TASK DIRECTIONS –
Locate each line in the records containing "exact". Copy it.

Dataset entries
=== Begin Enclosure ===

Lemma inv_unique a b : a ** b ** a = a -> b ** a ** b = b -> b = a^-1.
Proof.
  intros Haba Hbab.
  assert (Iba : is_idem (b ** a)).
  { unfold is_idem. replace (b ** a ** (b ** a)) with (b ** a ** b ** a) by reassoc.
    now rewrite Hbab. }
  assert (Iab : is_idem (a ** b)).
  { unfold is_idem. replace (a ** b ** (a ** b)) with (a ** b ** a ** b) by reassoc.
    now rewrite Haba. }
  transitivity (a^-1 ** a ** b).
  - transitivity (b ** a ** (a^-1 ** a) ** b).
    + replace (b ** a ** (a^-1 ** a) ** b) with (b ** (a ** a^-1 ** a) ** b) by reassoc.
      now rewrite isg_regular, Hbab.
    + rewrite (isg_idem_comm _ _ Iba (idem_r a)).
      replace (a^-1 ** a ** (b ** a) ** b) with (a^-1 ** a ** (b ** a ** b)) by reassoc.
      now rewrite Hbab.
  - transitivity (a^-1 ** ((a ** b) ** (a ** a^-1))).
    + rewrite (isg_idem_comm _ _ Iab (idem_l a)).
      replace (a^-1 ** (a ** a^-1 ** (a ** b))) with (a^-1 ** a ** a^-1 ** a ** b) by reassoc.
      now rewrite isg_regular'.
    + replace (a^-1 ** ((a ** b) ** (a ** a^-1))) with (a^-1 ** (a ** b ** a) ** a^-1) by reassoc.
      rewrite Haba. apply isg_regular'.
Qed.

Lemma inv_inv a : (a^-1)^-1 = a.
Proof. symmetry. apply inv_unique; [apply isg_regular' | apply isg_regular]. Qed.

Lemma idem_inv e : is_idem e -> e^-1 = e.
Proof. intros He. symmetry. apply inv_unique; unfold is_idem in He; now rewrite !He. Qed.

Lemma inv_mul a b : (a ** b)^-1 = b^-1 ** a^-1.
Proof.
  symmetry. apply inv_unique.
  - replace (a ** b ** (b^-1 ** a^-1) ** (a ** b))
      with (a ** ((b ** b^-1) ** (a^-1 ** a)) ** b) by reassoc.
    rewrite (isg_idem_comm _ _ (idem_l b) (idem_r a)).
    replace (a ** (a^-1 ** a ** (b ** b^-1)) ** b)
      with ((a ** a^-1 ** a) ** (b ** b^-1 ** b)) by reassoc.
    now rewrite !isg_regular.
  - replace (b^-1 ** a^-1 ** (a ** b) ** (b^-1 ** a^-1))
      with (b^-1 ** ((a^-1 ** a) ** (b ** b^-1)) ** a^-1) by reassoc.
    rewrite (isg_idem_comm _ _ (idem_r a) (idem_l b)).
    replace (b^-1 ** (b ** b^-1 ** (a^-1 ** a)) ** a^-1)
      with ((b^-1 ** b ** b^-1) ** (a^-1 ** a ** a^-1)) by reassoc.
    now rewrite !isg_regular'.
Qed.

Lemma endo_inv (phi : T -> T) a : is_endo phi -> phi (a^-1) = (phi a)^-1.
Proof.
  intros Hphi. apply inv_unique; rewrite <- !Hphi;
    [now rewrite isg_regular | now rewrite isg_regular'].
Qed.

Lemma idem_conj s e : is_idem e -> is_idem (s ** e ** s^-1).
Proof.
  intros He. unfold is_idem.
  replace (s ** e ** s^-1 ** (s ** e ** s^-1)) with (s ** (e ** (s^-1 ** s)) ** e ** s^-1) by reassoc.
  rewrite (isg_idem_comm _ _ He (idem_r s)).
  replace (s ** (s^-1 ** s ** e) ** e ** s^-1) with ((s ** s^-1 ** s) ** (e ** e) ** s^-1) by reassoc.
  now rewrite isg_regular, He.
Qed.

Lemma conj_mul_idem s e a : is_idem e -> s ** e ** s^-1 ** (s ** a) = s ** (e ** a).
Proof.
  intros He.
  replace (s ** e ** s^-1 ** (s ** a)) with (s ** (e ** (s^-1 ** s)) ** a) by reassoc.
  rewrite (isg_idem_comm _ _ He (idem_r s)).
  replace (s ** (s^-1 ** s ** e) ** a) with ((s ** s^-1 ** s) ** e ** a) by reassoc.
  rewrite isg_regular. reassoc.
Qed.

Lemma range_idem_mul e s : is_idem e -> (e ** s) ** (e ** s)^-1 = e ** (s ** s^-1).
Proof.
  intros He. rewrite inv_mul, (idem_inv e He).
  replace (e ** s ** (s^-1 ** e)) with (e ** (s ** s^-1) ** e) by reassoc.
  exact (proj1 (idem_absorb e _ He (idem_l s))).
Qed.

Lemma mul_range_dom s w : w ** w^-1 = s^-1 ** s ->
  s^-1 ** (s ** w) = w /\ (s ** w) ** (s ** w)^-1 = s ** s^-1.
Proof.
  intros Hw. split.
  - rewrite isg_assoc, <- Hw. apply isg_regular.
  - rewrite inv_mul. replace (s ** w ** (w^-1 ** s^-1)) with (s ** (w ** w^-1) ** s^-1) by reassoc.
    rewrite Hw. replace (s ** (s^-1 ** s) ** s^-1) with (s ** s^-1 ** s ** s^-1) by reassoc.
    now rewrite isg_regular.
Qed.

End InverseSemigroup.

Section GroupFacts.
Context {G : Group}.
Implicit Types x y : G.

Lemma gidem x : gmul x x = x -> x = gone.
Proof. intros H. rewrite <- (gone_l x) at 1. now rewrite <- (ginv_l x), <- gassoc, H. Qed.

Lemma ginv_r x : gmul x (ginv x) = gone.
Proof. apply gidem. now rewrite <- gassoc, (gassoc (ginv x)), ginv_l, gone_l. Qed.

Lemma gone_r x : gmul x gone = x.
Proof. now rewrite <- (ginv_l x), gassoc, ginv_r, gone_l. Qed.

Lemma ginv_unique x y : gmul x y = gone -> y = ginv x.
Proof. intros H. now rewrite <- (gone_l y), <- (ginv_l x), <- gassoc, H, gone_r. Qed.

Lemma ginv_inv x : ginv (ginv x) = x.
Proof. symmetry. apply ginv_unique, ginv_l. Qed.

End GroupFacts.

Section EUnitary.
Context {S : InvSemigroup}.
Implicit Types e f s t u : S.

(* This is the minimum group congruence; we only need that it is a group congruence. *)
Definition idem_related s t := exists e, is_idem e /\ e ** s = e ** t.

Lemma idem_related_congruence : congruence idem_related.
Proof.
  split; [|split; [|split]].
  - intros s. exists (s ** s^-1). split; [apply idem_l | reflexivity].
  - intros s t [e [He H]]. now exists e.
  - intros s t u [e [He Hst]] [f [Hf Htu]]. exists (f ** e). split; [now apply idem_mul|].
    rewrite <- !isg_assoc, Hst, !isg_assoc, (isg_idem_comm f e Hf He), <- !isg_assoc, Htu.
    now rewrite !isg_assoc, (isg_idem_comm e f He Hf).
  - intros s t u [e [He H]]. split.
    + exists (u ** e ** u^-1). split; [now apply idem_conj|].
      now rewrite !conj_mul_idem, H.
    + exists e. split; [exact He|]. now rewrite !isg_assoc, H.
Qed.

Lemma idem_related_group_congruence s0 : group_congruence idem_related.
Proof.
  split; [exact idem_related_congruence|].
  pose proof (idem_l s0) as I0.
  exists (s0 ** s0^-1). split.
  - intros w. split.
    + exists (s0 ** s0^-1). split; [exact I0|]. now rewrite isg_assoc, I0.
    + exists (w ** (s0 ** s0^-1) ** w^-1). split; [now apply idem_conj|].
      assert (K : w ** (s0 ** s0^-1) ** w^-1 ** w = w ** (s0 ** s0^-1)).
      { replace (w ** (s0 ** s0^-1) ** w^-1 ** w) with (w ** ((s0 ** s0^-1) ** (w^-1 ** w))) by reassoc.
        rewrite (isg_idem_comm _ _ I0 (idem_r w)). rewrite !isg_assoc, isg_regular. reflexivity. }
      now rewrite K, isg_assoc, K, <- isg_assoc, I0.
  - intros w. exists (w^-1). split.
    + exists (w ** w^-1 ** (s0 ** s0^-1)). split; [apply idem_mul; [apply idem_l | exact I0]|].
      now rewrite (proj1 (idem_absorb _ _ (idem_l w) I0)), (proj2 (idem_absorb _ _ (idem_l w) I0)).
    + exists (w^-1 ** w ** (s0 ** s0^-1)). split; [apply idem_mul; [apply idem_r | exact I0]|].
      now rewrite (proj1 (idem_absorb _ _ (idem_r w) I0)), (proj2 (idem_absorb _ _ (idem_r w) I0)).
Qed.

Lemma sigma_idem_related s t : sigma s t -> idem_related s t.
Proof. intros H. apply H, (idem_related_group_congruence s). Qed.

Lemma E_unitary_idem_quotient e s t : E_unitary S ->
  is_idem e -> e ** s = e ** t -> is_idem (s^-1 ** t).
Proof.
  intros HE He H.
  assert (Ic : is_idem (s^-1 ** e ** s)).
  { pose proof (idem_conj (s^-1) e He) as K. now rewrite inv_inv in K. }
  apply (HE (s^-1 ** e ** s)); [exact Ic|].
  exists (s^-1 ** e ** s). split; [exact Ic|].
  replace (s^-1 ** e ** s ** (s^-1 ** t)) with (s^-1 ** (e ** (s ** s^-1)) ** t) by reassoc.
  rewrite (isg_idem_comm _ _ He (idem_l s)).
  replace (s^-1 ** (s ** s^-1 ** e) ** t) with ((s^-1 ** s ** s^-1) ** (e ** t)) by reassoc.
  rewrite isg_regular', <- H. reassoc.
Qed.

Lemma E_unitary_idem_related_eq s t : E_unitary S ->
  idem_related s t -> s ** s^-1 = t ** t^-1 -> s = t.
Proof.
  intros HE [e [He H]] Hst.
  assert (Ist := E_unitary_idem_quotient e s t HE He H).
  assert (Its := E_unitary_idem_quotient e t s HE He (eq_sym H)).
  assert (Hs : s ** (s^-1 ** t) = t) by now rewrite isg_assoc, Hst, isg_regular.
  assert (Ht : t ** (t^-1 ** s) = s) by now rewrite isg_assoc, <- Hst, isg_regular.
  assert (Hsff : s ** (s^-1 ** t) ** (t^-1 ** s) = s) by now rewrite Hs, Ht.
  symmetry. rewrite <- Hs. rewrite <- Hsff at 1.
  rewrite <- (isg_assoc (s ** _)), (isg_idem_comm _ _ Its Ist), isg_assoc, <- (isg_assoc s), Ist.
  exact Hsff.
Qed.

End EUnitary.

Section MaxGroupImage.
Context {S : InvSemigroup} {G : Group} (q : S -> G) (Hq : max_group_image S G q).
Implicit Types e s t : S.

Lemma q_mul s t : q (s ** t) = gmul (q s) (q t).
Proof. apply Hq. Qed.

Lemma q_idem e : is_idem e -> q e = gone.
Proof. intros He. apply gidem. now rewrite <- q_mul, He. Qed.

=== End Enclosure ===

RESULT FOR THIS TASK –
  exact (proj1 (idem_absorb e _ He (idem_l s))).
    + exists e. split; [exact He|]. now rewrite !isg_assoc, H.
  split; [exact idem_related_congruence|].
    + exists (s0 ** s0^-1). split; [exact I0|]. now rewrite isg_assoc, I0.
    + exists (w ** w^-1 ** (s0 ** s0^-1)). split; [apply idem_mul; [apply idem_l | exact I0]|].
    + exists (w^-1 ** w ** (s0 ** s0^-1)). split; [apply idem_mul; [apply idem_r | exact I0]|].
  apply (HE (s^-1 ** e ** s)); [exact Ic|].
  exists (s^-1 ** e ** s). split; [exact Ic|].
  exact Hsff.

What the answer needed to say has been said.